John, Alvaro,
do we have a consensus whether we need the update to RFC 7370 or not?
thanks,
Peter
On 13/05/2021 21:12, Les Ginsberg (ginsberg) wrote:
Alvaro –
FWIW, I agree w John here.
There are many examples – to cite a few:
Sub-TLVs for TLVs 22, 23, 25, 141, 222, and 223 (Extended IS
reachability, IS Neighbor Attribute, L2 Bundle Member Attributes,
inter-AS reachability information, MT-ISN, and MT IS Neighbor Attribute
TLVs)
…
Reference
[RFC5305][RFC5316][RFC7370][RFC8668]
RFC 8868 is not marked as updating RFC 7370.

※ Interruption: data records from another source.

(* Let $\mathcal E$ be a nest on a complex Banach space $X$, let $\Phi$ be a support function on $\mathcal E$ and let $T\in\mathcal M(\Phi)$ be an operator of rank $n$. Then $T$ can be written as a sum of $n$ rank-one operators each lying in $\mathcal M(\Phi)$.
   Context: A nest $\mathcal E$ on $X$ is a family of closed linear subspaces of $X$, totally ordered by inclusion, containing $\{0\}$ and $X$, closed under arbitrary meets (intersections) and joins (norm-closed linear spans of unions). A support function on $\mathcal E$ is an inclusion-preserving map $\Phi:\mathcal E\to\mathcal E$. $\mathcal M(\Phi)=\{T\in\mathcal B(X): TE\subseteq\Phi(E)\ \forall E\in\mathcal E\}$. *)

From mathcomp Require Import all_boot all_order all_algebra.
From mathcomp Require Import complex.
From mathcomp Require Import all_classical all_reals all_analysis.
Import GRing.Theory Num.Theory.
Set Implicit Arguments. Unset Strict Implicit. Unset Printing Implicit Defensive.
Local Open Scope classical_set_scope.
Local Open Scope ring_scope.

(* The complex field over a real type R is R[i] (mathcomp-real-closed).
   A complex Banach space is a completeNormedModType R[i]. *)

Section Nests.
Variables (R : realType) (X : completeNormedModType R[i]).

Definition subspace (E : set X) : Prop :=
  E 0 /\ (forall x y, E x -> E y -> E (x + y)) /\
  (forall (a : R[i]) x, E x -> E (a *: x)).

Definition closed_subspace (E : set X) : Prop := subspace E /\ closed E.

Definition lin_span (S : set X) : set X :=
  [set x | exists (m : nat) (c : 'I_m -> R[i]) (v : 'I_m -> X),
     (forall i, S (v i)) /\ x = \sum_(i < m) c i *: v i].

Definition closed_span (S : set X) : set X := closure (lin_span S).

Definition nest (N : set (set X)) : Prop :=
  (forall E, N E -> closed_subspace E) /\
  (forall E F, N E -> N F -> E `<=` F \/ F `<=` E) /\
  N [set 0] /\ N setT /\
  (forall F : set (set X), F `<=` N -> N (\bigcap_(E in F) E)) /\
  (forall F : set (set X), F `<=` N -> N (closed_span (\bigcup_(E in F) E))).

Definition support_function (N : set (set X)) (Phi : set X -> set X) : Prop :=
  (forall E, N E -> N (Phi E)) /\
  (forall E F, N E -> N F -> E `<=` F -> Phi E `<=` Phi F).

(* bounded (= continuous) linear operator on X *)
Definition bounded_op (T : X -> X) : Prop :=
  (forall (a : R[i]) x y, T (a *: x + y) = a *: T x + T y) /\ continuous T.

Definition M_Phi (N : set (set X)) (Phi : set X -> set X) (T : X -> X) : Prop :=
  bounded_op T /\ (forall E, N E -> T @` E `<=` Phi E).
(* Along the curve w |-> f_w = sum_(j < d-1) x0^j x1^(d-2-j) (x1 - w x0)^2 + (the
   monomials involving x2, ..., x_(n-1)), whose coefficients are polynomials in w,
   every f_w with w > 0 is copositive with the zero (1, w, 0, ..., 0) in the
   orthant, hence lies on the boundary of C_{n,d}, while f_(-1) has all
   coefficients >= 1 and lies in the interior.  A polynomial vanishing on the
   boundary thus restricts to a polynomial in w vanishing on (0, oo), hence
   everywhere, and vanishes at f_(-1).
   For an LMI representation L, det L(f) is such a polynomial: it is nonzero at
   interior points, where L(f) is positive definite, and zero at copositive
   boundary points, since an invertible positive semidefinite L(f) is coercive
   and stays positive semidefinite on a neighbourhood of f. *)

From Stdlib Require Import Reals Lra Psatz Classical.
From mathcomp Require Import all_boot all_algebra perm zify Rstruct.

Set Implicit Arguments.
Unset Strict Implicit.
Unset Printing Implicit Defensive.

Import GRing.Theory.
Local Open Scope R_scope.

(* Bigop lemmas leave the monoid operations of [R] as projections of their
   canonical structures, which [ring] does not see through until simplified. *)
Ltac ring_R := simpl; ring.

Definition poly_fun (g : R -> R) := exists p : {poly R}, forall w, g w = p.[w]%R.

Lemma poly_fun_cst c : poly_fun (fun _ => c).
Proof. by exists c%:P%R => w; rewrite hornerC. Qed.

Lemma poly_fun_id : poly_fun id.
Proof. by exists 'X%R => w; rewrite hornerX. Qed.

RFC 7370 is not marked as updating RFC 5316/RFC 5305.
Sub-TLVs for TLVs 135, 235, 236, and 237 (Extended IP reachability, MT
IP. Reach, IPv6 IP. Reach, and MT IPv6 IP. Reach TLVs)
…
Reference
[RFC5305][RFC7370]
Again, RFC7370 is not marked as updating RFC 5305.

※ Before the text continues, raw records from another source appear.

Theorem proposition9p6 :
  forall (lam : list Z), Forall (fun l => l <> 0%Z) lam ->
  forall cstar : R, 0 < cstar <= 1 / 8 ->
  exists C c c' : R, 0 < C /\ 0 < c /\ 0 < c' /\
  forall (N : nat) (M : Z) (eps delta nu : R) (Rn : nat)
         (x y : nat -> Z) (A : Z -> bool)
         (q U V : nat) (r : Z -> nat),
    (1 <= N)%nat ->
    prime M ->
    (2 * sum_absZ lam * Z.of_nat N <= M <= 2 * (2 * sum_absZ lam * Z.of_nat N))%Z ->
    0 < eps <= 1 -> 0 < delta <= 1 -> 0 < nu -> (1 <= Rn)%nat ->
    (forall i : nat, (1 <= i <= Rn)%nat ->
       (0 <= x i < M)%Z /\ (0 <= y i < M ^ 2)%Z) ->
    INR N >= Rpower (2 / (eps * delta)) (C * INR Rn ^ 3) ->
    linearization_system cstar eps delta Rn N
      (fun i => phase M (x i) (y i)) q U V r ->
    (forall n : Z, A n = true -> (1 <= n <= Z.of_nat N)%Z) ->
    delta = cardA A N / INR N ->
    (L2norm N (fun n => smoothing q U V r (balanced A N delta) n / delta)) ^ 2 >= nu ->
    eps <= c * nu * delta ->
    exists (u : Z) (d : nat) (L : nat),
      (1 <= d)%nat /\ (1 <= L)%nat /\
      (forall j : nat, (1 <= j <= L)%nat ->
         (1 <= u + Z.of_nat d * Z.of_nat j <= Z.of_nat N)%Z) /\
      rsum L (fun j => indR (A (u + Z.of_nat d * Z.of_nat j)%Z)) / INR L
        >= (1 + nu / 2) * delta /\
      INR L >= Rpower (INR N) (c' / INR Rn ^ 3).
Proof.
  intros lam _ cs Hcs.
  exists (20 / cs ^ 2), 1, (cs ^ 2 / 2).
  split; [apply Rdiv_lt_0_compat; nra|]. split; [lra|]. split; [nra|].
  intros N M eps delta nu Rn x y A q U V r HN _ _ He Hd Hnu HRn _ HNb Hlin _ Hdelta HL2 Hen.
  destruct Hlin as (Hq & HU & HV & Hr1 & HU1 & HU2 & HV1 & HV2 & Hq2 & Hr2 & _).
  assert (HRr : 1 <= INR Rn) by (apply (le_INR 1); lia).
  assert (HNr : 1 <= INR N) by (apply (le_INR 1); lia).
  assert (Hed : 0 < eps * delta) by nra.
  assert (Hweight : forall w, eps * delta <= w -> 2 <= Rpower (INR N) (cs ^ 2 / (20 * INR Rn ^ 3)) * w)
    by (intros w Hw; apply (Rpower_threshold_weight _ _ _ (eps * delta)); auto; lra).
  assert (Htheta : 2 <= Rpower (INR N) (cs ^ 2 / (20 * INR Rn ^ 3)))
    by (rewrite <- (Rmult_1_r (Rpower _ _)); apply Hweight; nra).
  set (g := smoothing q U V r (balanced A N delta)).
  assert (Hmean : Rabs (rsum N (fun j => g (Z.of_nat j))) <= nu * delta ^ 2 * INR N / 8).
  { eapply Rle_trans; [apply balanced_smoothing_sum_le with (rho := Rpower (INR U) (1 / 4)); auto; lra|].
    apply (mean_error_le cs (INR Rn)); auto using pos_INR. apply Hweight. nra. }
  assert (Hsq := L2norm_div_sq_ge N g delta nu HN (proj1 Hd) HL2).
  destruct (large_value_exists N (fun j => g (Z.of_nat j)) delta nu) as [n0 [Hn0 Hg0]]; auto.
  { intros j _. apply smoothing_bounds; auto. intros z. apply balanced_bounds. lra. }
  destruct (smoothing_ge_exists q U V r (balanced A N delta) (Z.of_nat n0) (nu * delta / 2))
    as [jm [Hjm Hsum]]; auto.
  set (d := (q * r (Z.of_nat n0 - Z.of_nat (q * jm))%Z)%nat) in Hsum.
  assert (Hd1 : (1 <= d)%nat)
    by (unfold d; specialize (Hr1 (Z.of_nat n0 - Z.of_nat (q * jm))%Z); nia).
  destruct (progression_increment A N delta (Z.of_nat n0) d V (nu * delta / 2))
    as [L (HL & HLin & HLV & HLdens)]; try lia; try nra.
  exists (Z.of_nat n0), d, L. do 3 (split; [assumption|]). split; apply Rle_ge.
  - lra.
  - eapply Rle_trans; [|exact HLV].
    replace (INR V * (nu * delta / 2)) with (INR V * (nu * delta) / 2) by field.
    apply (V_ge cs (INR Rn) (INR N) (INR U) (INR V)); auto. apply Hweight. nra.
Qed.
(* Let $\mathbf M=(M,N)$ be a flag matroid of rank $(1,n-1)$ on $[n]$, and let $P_{\mathbf M}$ denote its polytope translated by $-(1,\dots,1)$. Then every subdivision of $P_{\mathbf M}$ induced by a valuated flag matroid with support $\mathbf M$ is induced by a hyperplane arrangement consisting of hyperplanes of the form $\{x\in\mathbb{R}^n:x_i=0\}$, i.e. there is a set $I\subseteq[n]$ such that the cells of the subdivision are exactly the nonempty sets of the form $P_{\mathbf M}\cap\bigcap_{i\in I}H_i$ with each $H_i$ one of $\{x_i\ge0\}$, $\{x_i\le0\}$, $\{x_i=0\}$.
   Context: A flag matroid $(M,N)$ of rank $(1,n-1)$ consists of a matroid $M$ of rank 1 and a matroid $N$ of rank $n-1$ on $[n]$ such that every flat of $M$ is a flat of $N$. Its polytope is $\operatorname{conv}\{e_i:\{i\}\text{ basis of }M\}+\operatorname{conv}\{e_B:B\text{ basis of }N\}$, where $e_B=\sum_{i\in B}e_i$; after translation by $-(1,\dots,1)$ its vertices have one coordinate $-1$, one coordinate $+1$, the rest $0$. A valuated flag matroid with support $\mathbf M$ is a pair $(\mu,\nu)$, $\mu:\binom{[n]}{1}\to\mathbb{R}\cup\{\infty\}$, $\nu:\binom{[n]}{n-1}\to\mathbb{R}\cup\{\infty\}$, finite exactly on the bases of $M$ resp. $N$, such that the minimum of $\mu(\{i\})+\nu([n]\setminus\{i\})$ over $i\in[n]$ is attained at least twice or is $\infty$. The subdivision it induces is the regular mixed subdivision whose cells are, for $x\in\mathbb{R}^n$, $\operatorname{conv}\{e_i:i\text{ minimizes }\mu(\{i\})-x_i\}+\operatorname{conv}\{e_B:B\text{ minimizes }\nu(B)-x\cdot e_B\}$ (translated by $-(1,\dots,1)$). *)

From HB Require Import structures.
From mathcomp Require Import all_boot all_order all_algebra.
From mathcomp Require Import reals.
Set Implicit Arguments. Unset Strict Implicit. Unset Printing Implicit Defensive.
Import Order.TTheory GRing.Theory Num.Theory.
Local Open Scope ring_scope.

Section Matroids.
Variable n : nat.

Definition is_matroid (B : {set {set 'I_n}}) : Prop :=
  B != set0 /\
  forall B1 B2, B1 \in B -> B2 \in B -> forall x, x \in B1 :\: B2 ->
    exists2 y, y \in B2 :\: B1 & (y |: (B1 :\ x)) \in B.

Definition has_rank (B : {set {set 'I_n}}) (r : nat) : Prop :=
  forall X, X \in B -> #|X| = r.

Definition mrank (B : {set {set 'I_n}}) (A : {set 'I_n}) : nat :=
  (\max_(X in B) #|A :&: X|)%N.

Definition is_flat (B : {set {set 'I_n}}) (F : {set 'I_n}) : Prop :=
  forall x, x \notin F -> (mrank B F < mrank B (x |: F))%N.

Definition flag_matroid (M N : {set {set 'I_n}}) : Prop :=
  [/\ is_matroid M, is_matroid N & forall F, is_flat M F -> is_flat N F].
End Matroids.

(* ---------- R cup {oo}, encoded as option R (None = oo) ---------- *)
Section Trop.
Variable R : numDomainType.

Definition ole (a b : option R) : bool :=
  match a, b with
  | _, None => true
  | None, Some _ => false
  | Some u, Some v => u <= v
  end.

Definition oadd (a b : option R) : option R :=
  match a, b with Some u, Some v => Some (u + v) | _, _ => None end.

Definition is_argmin (I : Type) (D : I -> Prop) (f : I -> option R) (a : I) : Prop :=
  D a /\ forall b, D b -> ole (f a) (f b).
End Trop.

(* mu({i}) is written mu i; nu is defined on subsets, only (n-1)-subsets matter *)
Definition valuated_flag (R : numDomainType) (n : nat) (M N : {set {set 'I_n}})
    (mu : 'I_n -> option R) (nu : {set 'I_n} -> option R) : Prop :=
  [/\ (forall i, mu i <> None <-> [set i] \in M),
      (forall B : {set 'I_n}, #|B| = n.-1 -> (nu B <> None <-> B \in N)) &
      let s := fun i => oadd (mu i) (nu (~: [set i])) in
      (forall i, s i = None) \/
      exists i j, [/\ i != j, is_argmin (fun _ => True) s i
                            & is_argmin (fun _ => True) s j]].

Section Geometry.
Variables (R : realType) (n : nat).

Definition pset := ('I_n -> R) -> Prop.

Definition conv (I : finType) (A : I -> Prop) (f : I -> 'I_n -> R) : pset :=
  fun p => exists l : I -> R,
    [/\ forall k, 0 <= l k, forall k, ~ A k -> l k = 0,
        \sum_k l k = 1 & forall t, p t = \sum_k l k * f k t].

Definition msum (X Y : pset) : pset :=
  fun p => exists u v, [/\ X u, Y v & forall t, p t = u t + v t].

Definition shift_m1 (X : pset) : pset := fun p => X (fun t => p t + 1).

Definition unitv (i : 'I_n) : 'I_n -> R := fun t => (t == i)%:R.
Definition setv (B : {set 'I_n}) : 'I_n -> R := fun t => (t \in B)%:R.
Definition dotv (x y : 'I_n -> R) : R := \sum_t x t * y t.

Definition flag_polytope (M N : {set {set 'I_n}}) : pset :=
  shift_m1 (msum (conv (fun i => [set i] \in M) unitv)
                 (conv (fun B => B \in N) setv)).

(* the cell of the induced regular mixed subdivision attached to x *)
Definition cell (mu : 'I_n -> option R) (nu : {set 'I_n} -> option R)
    (x : 'I_n -> R) : pset :=
  shift_m1 (msum
    (conv (is_argmin (fun _ => True) (fun i => omap (fun u => u - x i) (mu i)))
          unitv)
    (conv (is_argmin (fun B : {set 'I_n} => #|B| = n.-1)
                     (fun B => omap (fun u => u - dotv x (setv B)) (nu B)))
          setv)).

Definition face (P F : pset) : Prop :=
  exists w : 'I_n -> R,
    F = fun p => P p /\ forall q, P q -> dotv w q <= dotv w p.
End Geometry.

Inductive hside := Hge | Hle | Heq.

Definition halfspace (R : realType) (n : nat) (s : hside) (i : 'I_n)
    (p : 'I_n -> R) : Prop :=
  match s with
  | Hge => 0 <= p i
  | Hle => p i <= 0
  | Heq => p i = 0
  end.

From HB Require Import structures.
From mathcomp Require Import all_boot all_order all_algebra.
From mathcomp Require Import reals.
From mathcomp Require Import ring lra.
Set Implicit Arguments. Unset Strict Implicit. Unset Printing Implicit Defensive.
Import Order.TTheory GRing.Theory Num.Theory.
Local Open Scope ring_scope.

I think it is sufficient to request that IANA add the new RFC to the
list of References for the modified registry.
Les
*From:* Lsr <[email protected]> *On Behalf Of *John Scudder
*Sent:* Thursday, May 13, 2021 11:00 AM
*To:* Alvaro Retana <[email protected]>
*Cc:* John Scudder via Datatracker <[email protected]>; Christian Hopps
<[email protected]>; [email protected]; The IESG <[email protected]>;
[email protected]; [email protected]
*Subject:* Re: [Lsr] John Scudder's No Objection on
draft-ietf-lsr-isis-srv6-extensions-14: (with COMMENT)
On May 13, 2021, at 1:20 PM, Alvaro Retana <[email protected]

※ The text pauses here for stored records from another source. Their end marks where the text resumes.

Lemma normf_gt0 m (l : 'rV[K]_m) : l != 0 -> 0 < normf l.
Proof.
move=> l_neq0; rewrite lt_def normf_ge0 andbT; apply: contraNneq l_neq0 => normf0.
apply/eqP/rowP => i; apply/(fmorph_inj iota); rewrite !mxE rmorph0.
by apply/(absu_eq0 habs)/le_anti; rewrite abs_ge0 andbT -normf0 abs_coef_le_normf.
Qed.

Lemma lformD m (a b : 'rV[K]_m) w : lform (a + b) w = lform a w + lform b w.
Proof. by rewrite /lform -big_split; apply: eq_bigr => i _; rewrite !mxE rmorphD mulrDl. Qed.

Lemma lformB m (a b : 'rV[K]_m) w : lform (a - b) w = lform a w - lform b w.
Proof. by rewrite /lform -sumrB; apply: eq_bigr => i _; rewrite !mxE rmorphB mulrBl. Qed.

Lemma lformZ m c (a : 'rV[K]_m) w : lform (c *: a) w = iota c * lform a w.
Proof. by rewrite /lform mulr_sumr; apply: eq_bigr => i _; rewrite !mxE rmorphM mulrA. Qed.

Lemma lformZr m (l : 'rV[K]_m) c w : lform l (c *: w) = c * lform l w.
Proof. by rewrite /lform mulr_sumr; apply: eq_bigr => i _; rewrite mxE mulrCA. Qed.

Lemma lform_delta m (k : 'I_m) w : lform (delta_mx 0 k) w = w k 0.
Proof.
rewrite /lform (bigD1 k) //= mxE !eqxx rmorph1 mul1r big1 ?addr0 // => i /negPf ki.
by rewrite mxE ki andbF rmorph0 mul0r.
Qed.

Lemma mul_entry_lform m n (A : 'M[K]_(m, n)) w i :
  (map_mx iota A *m w) i 0 = lform (row i A) w.
Proof. by rewrite mxE; apply: eq_bigr => j _; rewrite !mxE. Qed.

Lemma lform_mul m n (l : 'rV[K]_m) (A : 'M[K]_(m, n)) w :
  lform l (map_mx iota A *m w) = lform (l *m A) w.
Proof.
rewrite /lform; under eq_bigr do rewrite mxE big_distrr /=.
rewrite exchange_big /=; apply: eq_bigr => j _; rewrite mxE rmorph_sum big_distrl /=.
by apply: eq_bigr => i _; rewrite !mxE rmorphM mulrA.
Qed.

<mailto:[email protected]>> wrote:
This documents updates RFC 7370 by modifying an existing
registry.
Also, this doesn’t seem to me like an update to RFC 7370. It’s
normal for an
RFC to update an IANA registry, without saying it updates a
previous RFC that
established that registry. I think the “updates” just confuses
matters and
clutters things up, and should be removed.
In this case the document is not only registering a value. It is
changing the name of the registry, adding an extra column, and
updating all the other entries (§11.1.*). The Updates tag is used
because it significantly changes the registry.
Still seems unnecessary to me, registries are moving targets, citation
of all the relevant RFCs in their references should be sufficient. So,
the registry would be updated so that it cited both this spec and 7370,
and someone wanting to know “how did the registry get this way?” would
be able to work it out.
I’m not going to fight about it; the “updates” is not very harmful. I
say “not very” because the diligent reader might be led to think they
need to go read RFC 7370 in order to properly understand this spec, and
waste some time realizing that isn’t true. Since for better or worse we
don’t have a firm definition of when we do, and don’t, use “updates”, it
comes down to a matter of personal taste in the end.